2. Subtract 1 from the number.

The task is to find out minimum number of operation required to convert number x into y using only above two operations. We can apply these operations any number of times.

The idea is to use BFS for this. We run a BFS and create nodes by multiplying with 2 and subtracting by 1, thus we can obtain all possible numbers reachable from starting number.
Important Points :
1) When we subtract 1 from a number and if it becomes < 0 i.e. Negative then there is no reason to create next node from it (As per input constraints, numbers x and y are positive).
2) Also, if we have already created a number then there is no reason to create it again. i.e. we maintain a visited array.

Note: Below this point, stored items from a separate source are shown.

Lemma regular_alpha_repP : is_alpha_rep G alpha regular_alpha_rep.
Proof.
have rho1 : regular_alpha_rep 1%g = 1%:M.
  apply/matrixP=> i j; rewrite !mxE mul1g (inj_eq enum_val_inj).
  by case: eqP => // _; rewrite (cocycle1g alphaC) ?enum_valP.
have rhoM : {in G &, forall g h, regular_alpha_rep g *m regular_alpha_rep h
                                   = alpha g h *: regular_alpha_rep (g * h)%g}.
  move=> g h gG hG; apply/matrixP=> i k; rewrite !mxE.
  set x := enum_val k; have xG : x \in G := enum_valP k.
  pose j := enum_rank_in (group1 G) (h * x)%g.
  have jE : enum_val j = (h * x)%g by rewrite enum_rankK_in ?groupM.
  rewrite (bigD1 j) //= big1 ?addr0 => [|j' j'j]; last first.
    rewrite !mxE; case: (eqVneq (enum_val j') (h * x)%g) => [j'E|_]; last by rewrite mulr0.
    by case/eqP: j'j; apply: enum_val_inj; rewrite j'E jE.
  rewrite !mxE jE eqxx -mulgA; case: ifP => _; last by rewrite mul0r mulr0.
  by have [_ _ ->] := alphaC; rewrite // mulrC.
by split=> //; apply: alpha_rep_unitmx.
Qed.

Lemma alpha_subrep n (rho : gT -> 'M[C]_n) (U : 'M[C]_n) :
    is_alpha_rep G alpha rho -> (forall g, g \in G -> (U *m (rho g)^T <= U)%MS) ->
  exists rhoU : gT -> 'M[C]_(\rank U), is_alpha_rep G alpha rhoU.
Proof.
move=> [_ rho1 rhoM] U_inv.
have stableU g : g \in G -> stablemx (row_base U) (rho g)^T.
  by move=> gG; rewrite !(eqmxMr _ (eq_row_base U)) !eq_row_base U_inv.
pose rhoU g := (conjmx (row_base U) (rho g)^T)^T.
have rhoU1 : rhoU 1%g = 1%:M.
  by rewrite /rhoU rho1 tr_scalar_mx conjmx_scalar ?row_base_free // tr_scalar_mx.
have rhoUM : {in G &, forall g h, rhoU g *m rhoU h = alpha g h *: rhoU (g * h)%g}.
  move=> g h gG hG; rewrite /rhoU -trmx_mul -conjmxM ?inE ?stableU ?row_base_free //.
  by rewrite -trmx_mul rhoM // linearZ /= /conjmx -scalemxAr -scalemxAl linearZ.
by exists rhoU; split=> //; apply: alpha_rep_unitmx.
Qed.

Lemma exists_irreducible_alpha_rep :
  exists n (rho : gT -> 'M[C]_n), is_alpha_rep G alpha rho /\ irreducible_rep G rho.
Proof.
suff: forall n (rho : gT -> 'M[C]_n), (0 < n)%N -> is_alpha_rep G alpha rho ->
    exists n (rho : gT -> 'M[C]_n), is_alpha_rep G alpha rho /\ irreducible_rep G rho.
  by apply; [apply: cardG_gt0 | apply: regular_alpha_repP].
elim/ltn_ind=> n IHn rho n_gt0 rep.
have [irr | not_irr] := classic (irreducible_rep G rho); first by exists n, rho.
have [U U_inv /not_or_and[U_nz U_not_full]] : exists2 U : 'M[C]_n,
    forall g, g \in G -> (U *m (rho g)^T <= U)%MS & ~ (U = 0 \/ (U == 1%:M)%MS).
  apply: NNPP => no_U; apply: not_irr; split=> // U U_inv.
  by apply: NNPP => U_nontrivial; apply: no_U; exists U.
have [rhoU repU] := alpha_subrep rep U_inv.
apply: (IHn _ _ rhoU) => //; last by rewrite lt0n mxrank_eq0; apply/eqP.
rewrite ltn_neqAle rank_leq_col andbT; apply: contra_not_neq U_not_full => rankU.
by rewrite submx1 /= sub1mx /row_full rankU.
Qed.

End AlphaRepresentations.

Lemma faithful_irr_not_inflated (gT : finGroupType) (G : {group gT})
    (alpha : gT -> gT -> C) n (rho : gT -> 'M[C]_n) :
    is_alpha_rep G alpha rho -> irreducible_rep G rho -> faithful_rep G rho ->
  forall N : {group gT}, (N \subset 'Z(G))%g -> N :!=: 1%g ->
    ~ in_inflation_image G N alpha.
Proof.
move=> rep irr faithful N sNZ ntN [beta [mu [betaC mu_nz alphaE]]].
have [z zN z_neq1] := trivgPn _ ntN.
have /centerP[zG z_central] := subsetP sNZ z zN.
suff /faithful/eqP : proj_kernel G rho z by rewrite (negbTE z_neq1).
apply: (scalar_central_proj_kernel rep irr zG) => g gG.
case: rep => _ _ rhoM; rewrite !rhoM // (z_central g gG); congr (_ *: _).
rewrite !alphaE -?(z_central g gG) // coset_id //.
have gNG : coset N g \in (G / N)%g by apply: mem_quotient.
by rewrite (cocycle1g betaC) ?(cocycleg1 betaC) // (mulrC (mu z)).
Qed.

Section InflationCriterion.

Variables (gT : finGroupType) (G N : {group gT}).
Hypotheses (sNG : (N \subset G)%g) (nNG : (G \subset 'N(N))%g).

Local Notation transversal x := (repr (coset N x)).

Lemma transversal_in_rcoset x : x \in G -> exists2 m, m \in N & transversal x = (m * x)%g.
Proof.
move=> xG; apply/rcosetP; rewrite -val_coset ?(subsetP nNG) //.
exact: mem_repr_coset.
Qed.

Lemma transversal_in x : x \in G -> transversal x \in G.
Proof.
by move=> xG; have [m mN ->] := transversal_in_rcoset xG; rewrite groupM // (subsetP sNG).
Qed.

Lemma mul_invtransversal_in x : x \in G -> (x * (transversal x)^-1 \in N)%g.
Proof.
by move=> xG; have [m mN ->] := transversal_in_rcoset xG; rewrite invMg mulKVg groupV.
Qed.

Lemma coset_invariant_in_inflation_image (alpha gamma : gT -> gT -> C) (mu : gT -> C) :
    is_cocycle G gamma ->
    {in G &, forall x y, gamma x y = gamma (transversal x) (transversal y)} ->
    {in G, forall x, mu x != 0} ->
    {in G &, forall x y, alpha x y = gamma x y * coboundary mu x y} ->
  in_inflation_image G N alpha.
Proof.
move=> gammaC gamma_inv mu_nz alphaE.
pose beta a b := gamma (repr a) (repr b).
have betaE : {in G &, forall x y, beta (coset N x) (coset N y) = gamma x y}.
  by move=> x y xG yG; rewrite /beta -gamma_inv.
have quoP a : a \in (G / N)%g -> exists2 x, x \in G & a = coset N x.
  by case/morphimP=> x _ xG ->; exists x.
have cosetM : {in G &, {morph coset N : x y / (x * y)%g}}.
  by move=> x y xG yG; rewrite coset_morphM ?(subsetP nNG).
case: gammaC => gamma_nz gamma11 gammaM.
exists beta, mu; split=> //; last by move=> x y xG yG; rewrite alphaE ?betaE.
split; last 1 first.
- move=> a b c /quoP[x xG ->] /quoP[y yG ->] /quoP[z zG ->].
  by rewrite -!cosetM ?groupM // !betaE ?groupM ?gammaM.
- by move=> a b /quoP[x xG ->] /quoP[y yG ->]; rewrite betaE ?gamma_nz.
- by rewrite /beta repr_coset1.
Qed.

Lemma rep_coset_invariant (gamma : gT -> gT -> C) n (sigma : gT -> 'M[C]_n) :
    {in G, forall x, sigma x != 0} ->
    {in G &, forall x y, sigma x *m sigma y = gamma x y *: sigma (x * y)%g} ->
    {in G, forall x, sigma x = sigma (transversal x)} ->
  {in G &, forall x y, gamma x y = gamma (transversal x) (transversal y)}.
Proof.
move=> sigma_nz sigmaM sigma_inv x y xG yG.
have [txG tyG] := (transversal_in xG, transversal_in yG).
have transM : transversal (x * y)%g = transversal (transversal x * transversal y)%g.
  by rewrite !coset_morphM ?(subsetP nNG) // !coset_reprK.
have /eqP : gamma x y *: sigma (x * y)%g
          = gamma (transversal x) (transversal y) *: sigma (x * y)%g.
  rewrite -sigmaM // [in RHS]sigma_inv ?groupM // transM -sigma_inv ?groupM //.
  by rewrite -sigmaM // -!sigma_inv.
rewrite -subr_eq0 -scalerBl scaler_eq0 (negbTE (sigma_nz _ _)) ?groupM // orbF.
by rewrite subr_eq0 => /eqP.
Qed.

End InflationCriterion.

Section ScalarNormalSubgroup.

Variables (gT : finGroupType) (G N : {group gT}) (alpha : gT -> gT -> C).
Variables (n : nat) (rho : gT -> 'M[C]_n.+1).
Hypotheses (alphaC : is_cocycle G alpha) (rep : is_alpha_rep G alpha rho).
Hypotheses (sNG : (N \subset G)%g) (nNG : (G \subset 'N(N))%g).
Hypothesis N_scalar : {in N, forall z, is_scalar_mx (rho z)}.

Local Notation transversal x := (repr (coset N x)).

(* x = z * transversal x with z in N, and rho z is the scalar rho z 0 0. *)
Definition coset_scale (x : gT) : C :=
  let z := (x * (transversal x)^-1)%g in rho z 0 0 / alpha z (transversal x).

Lemma rho_transversal x : x \in G -> rho x = coset_scale x *: rho (transversal x).
Proof.
move=> xG; have [_ _ rhoM] := rep; rewrite /coset_scale.
set z := (x * _)%g; have zN : z \in N := mul_invtransversal_in nNG xG.
have zG := subsetP sNG z zN; have txG := transversal_in sNG nNG xG.
have /is_scalar_mxP[a rho_z] := N_scalar zN.
have := rhoM z _ zG txG; rewrite mulgVK rho_z mul_scalar_mx mxE eqxx mulr1n => rho_zt.
by rewrite mulrC -scalerA rho_zt scalerA mulVf ?scale1r ?(cocycle_neq0 alphaC).
Qed.

Lemma coset_scale_neq0 x : x \in G -> coset_scale x != 0.
Proof.
move=> xG; apply: contraNneq (alpha_rep_neq0 rep (ltn0Sn n) xG) => scale0.
by rewrite rho_transversal // scale0 scale0r.
Qed.

Lemma coset_scale1 : coset_scale 1%g = 1.
Proof.
have [_ rho1 _] := rep; have [_ a11 _] := alphaC.
by rewrite /coset_scale coset_id // repr_coset1 mulgV rho1 mxE a11 divr1.
Qed.

Lemma scalar_normal_in_inflation_image : in_inflation_image G N alpha.
Proof.
pose nu x := (coset_scale x)^-1.
have nu_nz : {in G, forall x, nu x != 0} by move=> x xG; rewrite invr_eq0 coset_scale_neq0.
have rho_nu x : x \in G -> nu x *: rho x = rho (transversal x).
  by move=> xG; rewrite rho_transversal // scalerA mulVf ?scale1r ?coset_scale_neq0.
apply: (coset_invariant_in_inflation_image nNG
          (gamma := fun x y => alpha x y * coboundary nu x y) (mu := coset_scale)).
- by apply: cocycleM_coboundary; rewrite // /nu coset_scale1 invr1.
- apply: (rep_coset_invariant sNG nNG (sigma := fun x => nu x *: rho x)).
  + by move=> x xG; rewrite rho_nu ?(alpha_rep_neq0 rep) ?transversal_in.
  + by apply: scale_alpha_repM => //; case: rep.
  + by move=> x xG; rewrite !rho_nu ?transversal_in // coset_reprK.
- exact: coset_scale_neq0.
move=> x y xG yG; rewrite /coboundary /nu.
by field; rewrite !coset_scale_neq0 ?groupM.
Qed.

End ScalarNormalSubgroup.

Section ScalarKernel.

Variables (gT : finGroupType) (G : {group gT}) (alpha : gT -> gT -> C).
Variables (n : nat) (rho : gT -> 'M[C]_n).
Hypotheses (alphaC : is_cocycle G alpha) (rep : is_alpha_rep G alpha rho).

Definition scalar_kernel : {set gT} := [set x in G | is_scalar_mx (rho x)].

Lemma scalar_kernel_sub : (scalar_kernel \subset G)%g.
Proof. by apply/subsetP=> x; rewrite inE => /andP[]. Qed.

Lemma scalar_kernel_group_set : group_set scalar_kernel.
Proof.
have [_ rho1 rhoM] := rep.
apply/group_setP; split; first by rewrite inE group1 rho1 scalar_mx_is_scalar.
move=> x y; rewrite !inE.
move=> /andP[xG /is_scalar_mxP[a rho_x]] /andP[yG /is_scalar_mxP[b rho_y]].
rewrite groupM //= -(is_scalar_mxZ _ (cocycle_neq0 alphaC xG yG)) -rhoM //.
by rewrite rho_x rho_y -scalar_mxM scalar_mx_is_scalar.
Qed.

Canonical scalar_kernel_group := Group scalar_kernel_group_set.

Lemma scalar_kernel_normal : (scalar_kernel <| G)%g.
Proof.
have [_ rho1 rhoM] := rep.
rewrite /normal scalar_kernel_sub; apply/subsetP=> h hG; rewrite inE.
apply/subsetP=> _ /imsetP[x /setIdP[xG /is_scalar_mxP[a rho_x]] ->].
have hiG : (h^-1 \in G)%g by rewrite groupV.
(* rho h^-1 rho x rho h is a scalar, and a nonzero multiple of rho (x ^ h) *)
rewrite inE groupJ //= conjgE.
rewrite -(is_scalar_mxZ _ (cocycle_neq0 alphaC hiG (groupM xG hG))) -rhoM ?groupM //.
rewrite -(is_scalar_mxZ _ (cocycle_neq0 alphaC xG hG)) scalemxAr -rhoM //.
rewrite rho_x mul_scalar_mx -scalemxAr rhoM // mulVg rho1.
by rewrite !scale_scalar_mx scalar_mx_is_scalar.
Qed.

End ScalarKernel.

Lemma not_inflated_faithful_irr (gT : finGroupType) (G : {group gT})
    (alpha : gT -> gT -> C) :
    nilpotent G -> is_cocycle G alpha ->
    (forall N : {group gT}, (N \subset 'Z(G))%g -> N :!=: 1%g ->
      ~ in_inflation_image G N alpha) ->
  exists n (rho : gT -> 'M[C]_n),
    [/\ is_alpha_rep G alpha rho, irreducible_rep G rho & faithful_rep G rho].
Proof.
move=> nilG alphaC not_inflated.
have [n [rho [rep irr]]] := exists_irreducible_alpha_rep alphaC.
have [n_gt0 _] := irr; case: n n_gt0 rho rep irr => // n _ rho rep irr.
exists n.+1, rho; split=> // g [gG [lam [_ rho_g]]]; apply: NNPP => g_neq1.
pose K := scalar_kernel_group alphaC rep.
have ntK : (K :!=: 1)%g.
  by apply/trivgPn; exists g; [rewrite inE gG rho_g scalar_mx_is_scalar | apply/eqP].
have ntKZ := meet_center_nil nilG (scalar_kernel_normal alphaC rep) ntK.
apply: (not_inflated _ (subsetIr K _) ntKZ).
have sKZG : (K :&: 'Z(G) \subset G)%g := subset_trans (subsetIr _ _) (center_sub G).
apply: (scalar_normal_in_inflation_image alphaC rep sKZG).
  exact: normal_norm (sub_center_normal (subsetIr _ _)).
by move=> z /setIP[/setIdP[]].
Qed.

Theorem theorem3p1 (p : nat) (gT : finGroupType) (G : {group gT})
    (alpha : gT -> gT -> C) :
  prime p -> (p.-group G)%g -> is_cocycle G alpha ->
  ((exists (n : nat) (rho : gT -> 'M[C]_n),
      [/\ is_alpha_rep G alpha rho, irreducible_rep G rho & faithful_rep G rho])
   <->
   (forall N : {group gT}, (N \subset 'Z(G))%g -> N :!=: 1%g ->
      ~ in_inflation_image G N alpha)).
Proof.
move=> _ pG alphaC; split.
- move=> [n [rho [rep irr faithful]]].
  exact: faithful_irr_not_inflated rep irr faithful.
- exact: not_inflated_faithful_irr (pgroup_nil pG) alphaC.
Qed.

int minOperations(int x, int y)

{

    // To keep track of visited numbers

    // in BFS.

    set<int> visit;

 

    // Create a queue and enqueue x into it.

    queue<node> q;

    node n = {x, 0};

    q.push(n);

 

 

    // Do BFS starting from x

    while (!q.empty())

    {

        // Remove an item from queue

        node t = q.front();

        q.pop();

 

        // If the removed item is target

        // number y, return its level

        if (t.val == y)

            return t.level;

 

        // Mark dequeued number as visited

        visit.insert(t.val);

 

        // If we can reach y in one more step

        if (t.val*2 == y || t.val-1 == y)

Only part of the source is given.